The MPS approach uses combinations of hard data constraints (i.e. well data) and soft geologic concepts (i.e. depositional models) to populate 3D grid space. The inputs for MPS simulation are training images and Facies Probability Cubes, which together capture juxtaposition relationships, spatial proportions, and the spatial likelihoods of the facies belts [in plan view and cross section] whilst honoring hard data constraints (measured sections).

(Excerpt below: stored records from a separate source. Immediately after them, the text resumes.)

(* Let $\mathbf{M}=(c_{i,j})_{i,j\ge0}$ be a positive definite moment matrix, i.e. $c_{i,j}=\int z^i\bar z^j d\mu$ for some positive Borel measure $\mu$ on $\mathbb{C}$ with infinite support and finite moments, and let $\widehat{\mathbf{M}}=(c_{i+1,j+1})_{i,j\ge0}$ be the matrix obtained by removing the first row and first column of $\mathbf{M}$. Then $$\beta(\widehat{\mathbf{M}},\mathbf{M})=\lim_{n\to\infty} c_{n,n}^{1/n}.$$
   Context: For infinite Hermitian positive semidefinite matrices $\mathbf{A},\mathbf{B}$ with $\mathbf{B}$ positive definite, $\beta(\mathbf{A},\mathbf{B})=\sup\{v\mathbf{A}v^*/v\mathbf{B}v^*: v\in c_{00}\setminus\{0\}\}\in(-\infty,\infty]$, equivalently the limit as $n\to\infty$ of the largest generalized eigenvalue of the $(n+1)\times(n+1)$ truncation $\mathbf{A}_n$ with respect to $\mathbf{B}_n$; $c_{00}$ is the space of finitely supported complex row sequences. *)

From HB Require Import structures.
From mathcomp Require Import all_boot all_order all_algebra.
From mathcomp Require Import all_classical all_reals all_analysis.
From mathcomp Require Import complex.
Set Implicit Arguments. Unset Strict Implicit. Unset Printing Implicit Defensive.
Import Order.TTheory GRing.Theory Num.Theory.
Import numFieldNormedType.Exports.
Local Open Scope classical_set_scope.
Local Open Scope ring_scope.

Using this technique, the stratigraphic and spatial heterogeneity observed in the outcrop was successfully simulated, including ramp progradation and retrogradation at different hierarchical scales, facies belt contraction and expansion, and TST draping of HST deposits with variable updip extents.
This outcrop-based modeling effort provides parameters and strategies that can be incorporated into less-constrained subsurface-based models. For example, dynamic facies belt contraction and expansion was modeled using high degrees of interfingering, which enabled migration of facies belts across the grid while preserving juxtaposition rules. Vertical facies belt partitioning was captured using only two training images (TST and HST) and subdividing the grid into according regions. Another key finding was generating the TST training image by merging HST and ‘transgressive drape’ training images, allowing maximum flooding sediments to blanket the extent of the ramp and juxtapose with all HST facies belts. In addition to these best practices, high-resolution outcrop models help identify the impact of data density on the preservation of geological heterogeneity that controls subsurface flow.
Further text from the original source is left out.